YOUR GOAL
Go through the entries and write each one out again unchanged.
───── RECORD SET ─────
Lemma zero_graph_C2s_not_C2w : exists L : elt R n k.+2 -> Prop,
  is_subspace L /\ nonstandard L /\ C2s L /\ ~ C2w L.
Proof.
pose L := graph H (fun _ _ => 0 : R) : elt R n k.+2 -> Prop.
have isoL : isotropic L.
  by apply: graph_isotropic => [X|X Y _ _ w]; [exact: is_kform0 | rewrite /contract oppr0].
exists L; split; last split; last split.
- apply: graph_subspace => [|X|a X Y]; [exact: vsubspace_coord_hyperplane | exact: is_kform0 |].
  by apply: functional_extensionality => v; rewrite mulr0 addr0.
- exact: nonstandard_coord_hyperplane isoL (pr1L_graph _).
- split=> // alpha; split=> [[alpha_kform alphaE]|[X [_ /= ->]]]; last first.
    by split=> [|Y _ w //]; exact: is_kform0.
  exists 0; split; first by rewrite /coord_hyperplane mxE.
  apply: functional_extensionality => v /=.
  apply: (Ann_split_eq0 (@coord_hyperplane_split _ _ (widen_ord hm ord0))).
  by split=> // Y HY; apply: alphaE.
- case=> _ C2wL; apply: (@delta_notin_coord_hyperplane _ _ (widen_ord hm ord0)).
  by apply: (proj1 ((C2wL _).2 _)) => eta [X [_ /= ->]].
Qed.

Lemma det_graph_C2w_not_C2s : exists L : elt R n k.+2 -> Prop,
  is_subspace L /\ nonstandard L /\ C2w L /\ ~ C2s L.
Proof.
have Om_kform : is_kform Om := is_kform_det_form R hm.
pose L := graph H (fun X => contract X Om).
have isoL : isotropic L.
  apply: graph_isotropic => [X|X Y _ _ w]; first exact: is_kform_contract.
  exact: contractC.
have C2wL : C2w L.
  split=> // X; split=> [[_ /= oX] eta [Y [_ /= ->]] w|cX].
    by rewrite contractC // -oX /contract oppr0.
  have oX : forall w, contract X Om w = 0.
    apply: (contract_eq0_split (@coord_hyperplane_split _ _ (widen_ord hm ord0)) Om_kform).
    by move=> Y w' HY; apply: (cX (contract Y Om)); exists Y.
  split; last by apply: functional_extensionality => w; rewrite oX.
  by have := oX (behead_arg (std_basis R hm)); rewrite /contract det_form_cons_basis.
exists L; split; last split; last split => //.
- apply: graph_subspace => [|X|a X Y]; first exact: vsubspace_coord_hyperplane.
    exact: is_kform_contract.
  by apply: functional_extensionality => v; rewrite contract_lin.
- exact: nonstandard_coord_hyperplane isoL (pr1L_graph _).
case=> _ C2sL.
have : Ann (LcapV L) (contract (std_basis R hm ord0) Om).
  split=> [|Y [_ /= oY] w]; first exact: is_kform_contract.
  by rewrite contractC // -oY /contract oppr0.
move=> /C2sL[Y [HY /= eY]].
have := congr1 (fun g => g (behead_arg (std_basis R hm))) eY.
rewrite /= /contract !det_form_cons_basis std_basis_coord eqxx HY => /eqP.
by rewrite oner_eq0.
Qed.

End Examples.

Unset Implicit Arguments. Set Strict Implicit.

Theorem propositionA5 (R : realType) (n k : nat) :
  (2 <= k)%N -> (k <= n.-1)%N ->
  (forall L : elt R n k -> Prop, is_subspace L -> nonstandard L ->
     C3s L /\ ~ C3w L /\ ~ C1 L) /\
  (exists L : elt R n k -> Prop, is_subspace L /\ nonstandard L /\ C2s L /\ ~ C2w L) /\
  (exists L : elt R n k -> Prop, is_subspace L /\ nonstandard L /\ C2w L /\ ~ C2s L).
Proof.
case: k => [|[|k]] // _ hkn; have hm : (k.+3 <= n)%N by case: n hkn.
split.
  move=> L Lsub Lnstd; split; first exact: nonstandard_C3s.
  by split; [exact: nonstandard_not_C3w | exact: nonstandard_not_C1].
by split; [exact: zero_graph_C2s_not_C2w hm | exact: det_graph_C2w_not_C2s hm].
Qed.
─────
ANSWER
Lemma zero_graph_C2s_not_C2w : exists L : elt R n k.+2 -> Prop,
  is_subspace L /\ nonstandard L /\ C2s L /\ ~ C2w L.
Proof.
pose L := graph H (fun _ _ => 0 : R) : elt R n k.+2 -> Prop.
have isoL : isotropic L.
  by apply: graph_isotropic => [X|X Y _ _ w]; [exact: is_kform0 | rewrite /contract oppr0].
exists L; split; last split; last split.
- apply: graph_subspace => [|X|a X Y]; [exact: vsubspace_coord_hyperplane | exact: is_kform0 |].
  by apply: functional_extensionality => v; rewrite mulr0 addr0.
- exact: nonstandard_coord_hyperplane isoL (pr1L_graph _).
- split=> // alpha; split=> [[alpha_kform alphaE]|[X [_ /= ->]]]; last first.
    by split=> [|Y _ w //]; exact: is_kform0.
  exists 0; split; first by rewrite /coord_hyperplane mxE.
  apply: functional_extensionality => v /=.
  apply: (Ann_split_eq0 (@coord_hyperplane_split _ _ (widen_ord hm ord0))).
  by split=> // Y HY; apply: alphaE.
- case=> _ C2wL; apply: (@delta_notin_coord_hyperplane _ _ (widen_ord hm ord0)).
  by apply: (proj1 ((C2wL _).2 _)) => eta [X [_ /= ->]].
Qed.

Lemma det_graph_C2w_not_C2s : exists L : elt R n k.+2 -> Prop,
  is_subspace L /\ nonstandard L /\ C2w L /\ ~ C2s L.
Proof.
have Om_kform : is_kform Om := is_kform_det_form R hm.
pose L := graph H (fun X => contract X Om).
have isoL : isotropic L.
  apply: graph_isotropic => [X|X Y _ _ w]; first exact: is_kform_contract.
  exact: contractC.
have C2wL : C2w L.
  split=> // X; split=> [[_ /= oX] eta [Y [_ /= ->]] w|cX].
    by rewrite contractC // -oX /contract oppr0.
  have oX : forall w, contract X Om w = 0.
    apply: (contract_eq0_split (@coord_hyperplane_split _ _ (widen_ord hm ord0)) Om_kform).
    by move=> Y w' HY; apply: (cX (contract Y Om)); exists Y.
  split; last by apply: functional_extensionality => w; rewrite oX.
  by have := oX (behead_arg (std_basis R hm)); rewrite /contract det_form_cons_basis.
exists L; split; last split; last split => //.
- apply: graph_subspace => [|X|a X Y]; first exact: vsubspace_coord_hyperplane.
    exact: is_kform_contract.
  by apply: functional_extensionality => v; rewrite contract_lin.
- exact: nonstandard_coord_hyperplane isoL (pr1L_graph _).
case=> _ C2sL.
have : Ann (LcapV L) (contract (std_basis R hm ord0) Om).
  split=> [|Y [_ /= oY] w]; first exact: is_kform_contract.
  by rewrite contractC // -oY /contract oppr0.
move=> /C2sL[Y [HY /= eY]].
have := congr1 (fun g => g (behead_arg (std_basis R hm))) eY.
rewrite /= /contract !det_form_cons_basis std_basis_coord eqxx HY => /eqP.
by rewrite oner_eq0.
Qed.

End Examples.

Unset Implicit Arguments. Set Strict Implicit.

Theorem propositionA5 (R : realType) (n k : nat) :
  (2 <= k)%N -> (k <= n.-1)%N ->
  (forall L : elt R n k -> Prop, is_subspace L -> nonstandard L ->
     C3s L /\ ~ C3w L /\ ~ C1 L) /\
  (exists L : elt R n k -> Prop, is_subspace L /\ nonstandard L /\ C2s L /\ ~ C2w L) /\
  (exists L : elt R n k -> Prop, is_subspace L /\ nonstandard L /\ C2w L /\ ~ C2s L).
Proof.
case: k => [|[|k]] // _ hkn; have hm : (k.+3 <= n)%N by case: n hkn.
split.
  move=> L Lsub Lnstd; split; first exact: nonstandard_C3s.
  by split; [exact: nonstandard_not_C3w | exact: nonstandard_not_C1].
by split; [exact: zero_graph_C2s_not_C2w hm | exact: det_graph_C2w_not_C2s hm].
Qed.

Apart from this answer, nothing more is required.